Friday, June 17, 2011

Roger's London Re-Turn

Now that I'm living in London, it seemed logical to introduce myself to the London market.

Reintroduce might be a more appropriate term, since I applied to work at a Lloyd's syndicate in 1972.

"How long do you see yourself staying with the firm?" I was asked.

The true answer was, "Just long as it takes to find something more interesting."

Instead, I went with the diplomatic "At least two years."

The correct answer, apparently, was "a lifetime."

I re-entered the London insurance market 38 years later, as it happened, on the day of the Tohoku earthquake and tsunami in Japan. Rather than attacking the Lloyd's building itself, I chose Balls Bros., a wine bar just across the street. It being a Friday afternoon, a disreputable bunch of hacks and ne'er-do-wells lurked within the subterranean watering hole. It turned out I knew half of them and soon enough met the rest: market observers, commentators, PRs, writers, hacks, flacks and editors. Not a man-jack among us with a real job.

Emboldened, I wrangled my way into an evening at the Gherkin, a few weeks back. The Gherkin is the nickname given to a cucumber-shaped building with a green glass shell in London, officially known as 30 St. Mary Axe. You must have seen it. It was originally called the Swiss Re Tower and that company remains its prime tenant.

Officially, I was there to report on Allied World's launch of its Lloyd's Syndicate 2232, so numbered for British Airways' nightly flight from Bermuda to London, which forms an air bridge for Allied World management. Less officially, I could think of no better way to see London from a unique viewpoint not available to the general public. I know a few of the folks at Allied World, since the company was born in Bermuda on my watch there.

Allied World will never corner the market, or anything else, from their new offices in the Gherkin. The building has no corners. Built on the former site of the Baltic Exchange, the Gherkin stands almost 600 feet high, three times as tall as Niagara Falls, but without the tacky gift shops.
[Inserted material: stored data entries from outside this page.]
(* Consider a single flow on a route of $n$ links $\mathcal{T}_0,\dots,\mathcal{T}_{n-1}$ under the $\phi$-hop interference model, $0\le\phi\le n-1$, with slice widths $w_0=w_1=\dots=w_{n-1}$ all equal. Then the Ordered Round-Robin policy $ORR$ is both throughput-optimal and deadline-optimal.
   Context: Time is slotted. Under $\phi$-hop interference on the line, distinct links $\mathcal{T}_j,\mathcal{T}_{j'}$ cannot be active in the same slot if $|j-j'|\le\phi$. Each link $\mathcal{T}_j$ has a slice of width $w_j$ for the flow with a FCFS queue; the flow has deterministic fluid arrival rate $\lambda>0$ per slot. Units arriving in slot $t$ are available at the first link from slot $t+1$; an activated link serves $\min\{Q,w_j\}$ from its queue of size $Q$; units served at a link in slot $t$ are available at the next link from slot $t+1$; a packet's delay is the slot in which it is served at the last link minus its arrival slot. Policies are admissible (respect interference, work-conserving) and cyclic with period $K^\pi$; $\bar{\mu}^\pi_e=\frac1{K^\pi}\sum_{t=0}^{K^\pi-1}\mu^\pi_e(t)$ is the activation rate of link $e$. Throughput: $\lambda^*(\pi,\boldsymbol{w})=\min_e\bar{\mu}^\pi_e w_e$; $\pi$ is throughput-optimal for $\boldsymbol{w}$ if $\lambda^*(\pi,\boldsymbol{w})\ge\lambda^*(\pi',\boldsymbol{w})$ for all cyclic admissible $\pi'$. Deadlines: $\tau^*(\pi,\boldsymbol{w},\lambda)$ is the maximum packet delay under $\pi$, $\tau^*(\pi)=\lim_{\lambda\to0}\tau^*(\pi,\boldsymbol{w},\lambda)$, and $\pi$ is deadline-optimal if $\tau^*(\pi)\le\tau^*(\pi')$ for all cyclic admissible $\pi'$. The $ORR$ policy has period $\phi+1$ and in slot $t$ activates every link $\mathcal{T}_j$ with $j\equiv t\pmod{\phi+1}$. *)

From HB Require Import structures.
From mathcomp Require Import all_boot all_order all_algebra.
From mathcomp Require Import all_classical all_reals all_analysis.
Set Implicit Arguments. Unset Strict Implicit. Unset Printing Implicit Defensive.
Import Order.TTheory GRing.Theory Num.Theory.
Import numFieldNormedType.Exports.
Local Open Scope classical_set_scope.
Local Open Scope ring_scope.

(* Links of the route are indexed by 0, ..., n-1 (nat indices; indices >= n
   are irrelevant). *)
Record policy := Policy { pol_period : nat; pol_act : nat -> nat -> bool }.

Definition active (pi : policy) (t j : nat) : bool :=
  pol_act pi (t %% pol_period pi)%N j.
Lemma peval_vec2_le (r : fpoly X 2) u v :
  intrinsic_le (peval r (vec2 u 0)) (peval r (vec2 u v)).
Proof.
pose at0 (m : monom X 2) := m.2 ord_max == 0%N.
exists (\sum_(m <- r | ~~ at0 m) m.1 * (u ^+ m.2 ord0 * v ^+ m.2 ord_max)).
rewrite !peval_vec2 (bigID at0) [in RHS](bigID at0) /=.
rewrite [X in _ + X + _]big1 ?addr0 => [|m m0]; last first.
  by rewrite expr0n -/(at0 m) (negbTE m0) !mulr0.
by congr (_ + _); apply: eq_bigr => m /eqP m0; rewrite m0 !expr0.
Qed.

Lemma intrinsic_le_exprD (x y : X) k :
  intrinsic_le (x ^+ k.+1 + y ^+ k.+1) ((x + y) ^+ k.+1).
Proof.
elim: k => [|k [z IH]]; first by exists 0; rewrite !expr1 addr0.
exists (x * y ^+ k.+1 + y * x ^+ k.+1 + (x + y) * z).
by rewrite [(x + y) ^+ _]exprS -IH (exprS x k.+1) (exprS y k.+1); ring.
Qed.

Lemma frobenius_of_elementary : n_elementary X 2 -> upper_bound X -> frobenius X.
Proof.
move=> el2 ub x y [//|k] _.
have [r Er] := el2 _ (@power_sum_symmetric 2 k.+1).
have sum2 u v : \sum_(i < 2) vec2 u v i ^+ k.+1 = u ^+ k.+1 + v ^+ k.+1.
  by rewrite !big_ord_recl big_ord0 addr0.
have at0 : (x + y) ^+ k.+1 = peval r (vec2 (x + y) 0).
  have := Er (vec2 (x + y) 0); rewrite peval_power_sum sum2 expr0n addr0 => ->.
  by apply: eq_peval => j; have := esyms_vec2 (x + y) 0 j; rewrite addr0 mulr0.
have atxy : x ^+ k.+1 + y ^+ k.+1 = peval r (vec2 (x + y) (x * y)).
  by rewrite -sum2 -peval_power_sum Er; apply: eq_peval; apply: esyms_vec2.
apply: ub; last exact: intrinsic_le_exprD.
by rewrite at0 atxy; apply: peval_vec2_le.
Qed.

Lemma idempotent_of_frobenius : frobenius X -> two_cancellative X -> idempotent_sr X.
Proof.
move=> frob tc x; have two : 1 + 1 = 1 :> X.
  have := frob 1 1 2%N isT; rewrite !expr1n expr2 mulrDl mul1r.
  exact: tc.
by rewrite -{1 2}[x]mulr1 -mulrDr two mulr1.
Qed.

End ElementaryToFrobenius.

Theorem theorem4p6 (X : comPzSemiRingType) :
  (fully_elementary X /\ upper_bound X /\ two_cancellative X) <->
  (frobenius X /\ idempotent_sr X).
Proof.
split=> [[el [ub tc]]|[frob idem]].
  have frob := frobenius_of_elementary (el 2%N) ub.
  by split; last exact: idempotent_of_frobenius.
split; first exact: fully_elementary_of_frobenius.
split=> [a b /(idem_leP idem) ab /(idem_leP idem) ba | x y]; first exact: idem_le_anti.
by rewrite !idem.
Qed.
(* Assume $\sigma_1(x)=\tfrac12\sigma_1''(0)(x-a_1)(x-b_1)$ with $\sigma_1''(0)\ne0$ and real $a_1,b_1$, and $\tau'(0)=-\frac{\frac12\sigma_1''(0)}{1-q^{-1}}$, so that $\sigma_2$ has degree one, $\sigma_2(x)=\sigma_2'(0)(x-a_2)$ with $\sigma_2'(0)\ne0$. Let $\Lambda_q:=a_1+b_1-\frac{(1-q^{-1})\tau(0)}{\frac12\sigma_1''(0)}$ and assume $a_1<0<b_1<a_2$ and $\Lambda_q<0$. Put $a=a_1$, $b=b_1$ and $$\rho(x)=\frac{(qx/a,\,qx/b;q)_\infty}{(x/a_2;q)_\infty}.$$ Then there exist polynomials $P_n$, $n\in\mathbb{N}_0$, with $P_n$ of degree $n$ a solution of the q-EHT with $\lambda=\lambda_n$, and nonzero constants $d_n^2$, such that for all $m,n\in\mathbb{N}_0$ $$\int_a^bP_n(x)P_m(x)\rho(x)\,d_qx=d_n^2\delta_{mn},$$ i.e. orthogonality with respect to $\rho$ supported on $\{q^ka\}_{k\in\mathbb{N}_0}\cup\{q^kb\}_{k\in\mathbb{N}_0}$.
   Context: Throughout $0<q<1$. For a function $y$ and $\zeta\in\{q,q^{-1}\}$, $D_\zeta y(x)=\frac{y(x)-y(\zeta x)}{(1-\zeta)x}$ for $x\ne0$ and $D_\zeta y(0)=y'(0)$; $[n]_q=\frac{1-q^n}{1-q}$. Let $\sigma_1$ be a real polynomial of degree at most two, $\tau(x)=\tau'(0)x+\tau(0)$ a real polynomial with $\tau'(0)\ne0$, and $\sigma_2(x):=q[\sigma_1(x)+(1-q^{-1})x\tau(x)]$. The q-EHT with parameter $n$ is $\sigma_1(x)D_{q^{-1}}D_qy(x)+\tau(x)D_qy(x)+\lambda_ny(x)=0$, $\lambda_n=-[n]_q\big(\tau'(0)+\tfrac12[n-1]_{q^{-1}}\sigma_1''(0)\big)$. $(\beta;q)_\infty=\prod_{k\ge0}(1-\beta q^k)$, $(\beta_1,\dots,\beta_r;q)_\infty=\prod_i(\beta_i;q)_\infty$. For $a<0<b$, $\int_a^b f(x)\,d_qx=(1-q)b\sum_{j\ge0}q^jf(q^jb)+(1-q)(-a)\sum_{j\ge0}q^jf(q^ja)$. *)

From HB Require Import structures.
From mathcomp Require Import all_boot all_order all_algebra.
From mathcomp Require Import all_classical all_reals all_analysis.
Set Implicit Arguments. Unset Strict Implicit. Unset Printing Implicit Defensive.
Import Order.TTheory GRing.Theory Num.Theory.
Import numFieldNormedType.Exports.
Local Open Scope ring_scope.

Section QDefs.
Variable R : realType.

Definition Dq (z : R) (y : R -> R) (x : R) : R :=
  if x == 0 then derive1 y 0 else (y x - y (z * x)) / ((1 - z) * x).

Definition qnum (q : R) (n : int) : R := (1 - q ^ n) / (1 - q).

Definition qpoch (q beta : R) : R :=
  limn (fun N : nat => \prod_(k < N) (1 - beta * q ^+ k)).

Definition qpsum (q c : R) (f : R -> R) (N : nat) : R :=
  \sum_(j < N) q ^+ j * f (q ^+ j * c).

(* Jackson q-integral over [a,b], a < 0 < b *)
Definition qint (q a b : R) (f : R -> R) : R :=
  (1 - q) * b * limn (qpsum q b f) + (1 - q) * (- a) * limn (qpsum q a f).

Definition sigma2 (q : R) (s1 tau : {poly R}) : {poly R} :=
  q *: (s1 + (1 - q^-1) *: ('X * tau)).

Definition lambda_n (q : R) (s1 tau : {poly R}) (n : nat) : R :=
  - qnum q n%:Z * ((tau^`()).[0] + 2^-1 * qnum q^-1 (n%:Z - 1) * (s1^`(2)).[0]).

Definition solves_qEHT (q : R) (s1 tau : {poly R}) (n : nat) (P : {poly R}) : Prop :=
  forall x : R,
    s1.[x] * Dq q^-1 (Dq q (fun t => P.[t])) x + tau.[x] * Dq q (fun t => P.[t]) x
    + lambda_n q s1 tau n * P.[x] = 0.

Definition rho (q a b a2 : R) (x : R) : R :=
  qpoch q (q * x / a) * qpoch q (q * x / b) / qpoch q (x / a2).

End QDefs.

From HB Require Import structures.
From mathcomp Require Import all_boot all_order all_algebra.
From mathcomp Require Import all_classical all_reals all_analysis.
From mathcomp.algebra_tactics Require Import ring lra.
From mathcomp Require Import zify.
Import Order.TTheory GRing.Theory Num.Theory.
Import numFieldNormedType.Exports.
Local Open Scope classical_set_scope.
Local Open Scope ring_scope.
Set Implicit Arguments. Unset Strict Implicit. Unset Printing Implicit Defensive.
The penthouse fills the Gherkin's 40th and highest floor. Above it is the top of the building, a 100-foot high glass dome. At its very apex is the only curved piece of glass in the entire building. Some of London's senior insurance types and a phalanx of more than 200 brokers--like journalists, always up for a free something--made a tremendous din in the penthouse that evening.

Like Balls Bros., one arrives at the Gherkin by finding the Lloyd's building. You'll have seen this one, too. It's a space-age construction with truly dizzying and vertigo-inspiring views down into its interior from the offices of the chairman.

I'd like to say a few words about Lord Levene of Portsoken, who will retire later this year after nine years as chairman of Lloyd's. I greatly offended him once, inadvertently, by making a joke at his expense, but we both got over it.

He has served Lloyd's well. He inherited an organization mired in the working ways of the late 18th century and modernized it, despite itself. We'll miss him.

ROGER CROMBIE is a London-based columnist for Risk & Insurance?.